4. We show the beginning of the state diagram necessary to implement VLD. Using the notation of the LC-3b State Diagram, add the states you need to implement VLD. Inside each state describe what happens in that state. You can assume that you are allowed to make any changes to the microsequencer that you find necessary. You do not have to make/show these changes. You can modify BaseR and the condition codes. Make sure your design works when Vlength equals 0. Full credit will be awarded to solutions that require no more than 7 states.

   

The following data flow graph receives as inputs a value x, an n element vector V0, V1, ..., Vn-1, the value n, and a value 0 on its four input ports.

What "answer" is produced by the execution of this data flow graph?

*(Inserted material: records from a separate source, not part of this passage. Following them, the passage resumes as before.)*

Definition lik_offset : R :=
  - redot (vecm Y) (vecm Y) - redot (B *m vecm Mu) (B *m vecm Mu) + redot Gmu (A *m Gmu).

Lemma lik_exponent f :
  - complex.Re ((ctmx (vecm Y - Xg lr S f *m vecm Mu) *m invmx (condcov S Sig f)
      *m (vecm Y - Xg lr S f *m vecm Mu)) 0 0)
  = g f + 2^-1 * sf ^- 2 * (f - muf) ^+ 2 + lik_offset.
Proof.
have A_herm : ctmx A = A by apply: Amx_herm; case: Sig_pd.
rewrite redot_invmx_condcov gfun_redot /lik_offset.
set y := vecm Y; set mu := vecm Mu; set U := shift_mx f; set v := ctmx U *m y.
have uE : u f = ctmx B *m v by rewrite Xg_shift ctmx_mul mulmxA.
have -> : ctmx U *m (y - Xg lr S f *m mu) = v - B *m mu.
  by rewrite mulmxBr Xg_shift !mulmxA shift_mx_unitary mul1mx.
have -> : ctmx (Xg lr S f) *m (y - Xg lr S f *m mu) = u f - Gmu.
  rewrite mulmxBr Xg_shift ctmx_mul -!mulmxA [ctmx U *m (U *m _)]mulmxA.
  by rewrite shift_mx_unitary mul1mx.
have vv : redot v v = redot y y.
  by rewrite -redot_adj mulmxA shift_mx_unitaryV mul1mx.
have muv : redot (B *m mu) v = redot mu (u f) by rewrite uE [RHS]redot_adj ctmxK.
have Gu : redot Gmu (A *m u f) = redot (u f) (A *m Gmu).
  by rewrite redot_adj A_herm redotC.
rewrite mulmxBr !(redotBl, redotBr) vv muv [redot v _]redotC muv Gu.
(* Generalizing the [redot] atoms keeps [lra] from unfolding them. *)
move: (redot y y) (redot mu (u f)) (redot (B *m mu) _) (redot (u f) (A *m u f)).
by move: (redot (u f) (A *m Gmu)) (redot Gmu _) (2^-1 * _) => ? ? ? ? ? ? ?; lra.
Qed.

Hypothesis sf_gt0 : 0 < sf.

Lemma post_expg : exists2 K : R, 0 < K & forall f, post S Mu Sig muf sf Y f = K * expR (g f).
Proof.
set D := pi ^+ (lr * n.+1) * complex.Re (\det base_cov).
set s := Num.sqrt (2 * pi * sf ^+ 2).
have D_gt0 : 0 < D by rewrite mulr_gt0 ?exprn_gt0 ?pi_gt0 ?Re_det_base_cov_gt0.
have s_gt0 : 0 < s by rewrite sqrtr_gt0 !mulr_gt0 ?exprn_gt0 ?pi_gt0.
exists (expR lik_offset / (D * s)).
  exact: divr_gt0 (expR_gt0 _) (mulr_gt0 D_gt0 s_gt0).
move=> f; rewrite /post /lik /prior lik_exponent det_condcov -/D -/s.
set q := 2^-1 * sf ^- 2 * (f - muf) ^+ 2.
have -> : - (f - muf) ^+ 2 / (2 * sf ^+ 2) = - q by rewrite /q; field; rewrite gt_eqF.
rewrite (expRD (g f + q)) (expRD (g f)) expRN.
move: (expR (g f)) (expR q) (expR lik_offset) (expR_gt0 q) => eg eq ek eq_gt0.
by field; rewrite !gt_eqF.
Qed.

End Posterior.

Theorem theorem3 (R : realType) (lt lr n : nat)
  (S : 'M[R[i]]_(n.+1, lt.+1)) (Mu : 'M[R[i]]_(lr.+1, lt.+1))
  (Sig : 'M[R[i]]_(lr.+1 * lt.+1)) (muf sf : R)
  (Y : 'M[R[i]]_(lr.+1, n.+1)) (rk th : nat -> R) :
  posdefmx Sig -> 0 < sf ->
  (forall k : nat, (1 <= k <= n)%N ->
     0 <= rk k /\ zk S Mu Sig Y k = (rk k)%:C * expj (- th k)) ->
  (forall f : R,
     is_derive f 1 (gfun S Mu Sig muf sf Y)
       (- (4 * pi) * complex.Im (\sum_(1 <= k < n.+1)
            expj (2 * pi * f * k%:R) * (k%:R)%:C * (rk k)%:C * expj (- th k))
        - sf ^- 2 * (f - muf))
     /\
     - (4 * pi) * complex.Im (\sum_(1 <= k < n.+1)
            expj (2 * pi * f * k%:R) * (k%:R)%:C * (rk k)%:C * expj (- th k))
        - sf ^- 2 * (f - muf)
     = - (4 * pi) * (\sum_(1 <= k < n.+1)
            k%:R * rk k * sin (2 * pi * k%:R * (f - th k / (2 * pi * k%:R))))
        - sf ^- 2 * (f - muf))
  /\
  (forall f : R, (forall f' : R, post S Mu Sig muf sf Y f' <= post S Mu Sig muf sf Y f) ->
     derive1 (gfun S Mu Sig muf sf Y) f = 0)
  /\
  (forall f : R, (forall f' : R, gfun S Mu Sig muf sf Y f' <= gfun S Mu Sig muf sf Y f) ->
     derive1 (gfun S Mu Sig muf sf Y) f = 0).
Proof.
move=> Sig_pd sf_gt0 z_polar.
have Sig_herm : ctmx Sig = Sig by case: Sig_pd.
have g_derivable x : derivable (gfun S Mu Sig muf sf Y) x 1.
  by have [] := is_derive_gfun S Mu Sig muf sf Y x.
split; [move=> f; split | split].
- rewrite -(gfun_deriv_polar S Mu Sig muf sf Y) //; first exact: is_derive_gfun.
  by move=> k /z_polar[].
- by rewrite Im_sum_polar.
- move=> f post_max; apply: derive1_eq0_at_max => // f'.
  have [K K_gt0 postE] := post_expg S Mu Sig muf sf Y Sig_pd sf_gt0.
  by have := post_max f'; rewrite !postE ler_pM2l // ler_expR.
- by move=> f; apply: derive1_eq0_at_max.
Qed.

We must compute the following expression:

    a*x^6 + b*x^5 + c*x^4 + d*x^3 + e*x^2 + f*x + g 

• How many operations and time-steps will the computation take on a single processor system (Use the smallest number of operations possible)?
• How many operations and time-steps will the computation take on a multiprocessor system with 4 processors? (Use the smallest number of operations possible)
• What is the speedup of the multiprocessor system over a single processor?

Speed-up with p processors is defined as T1/Tp, where T1 is the time to solve the problem with one processor and Tp is the time to solve the problem if you have p processors. What important requirement is there on T1?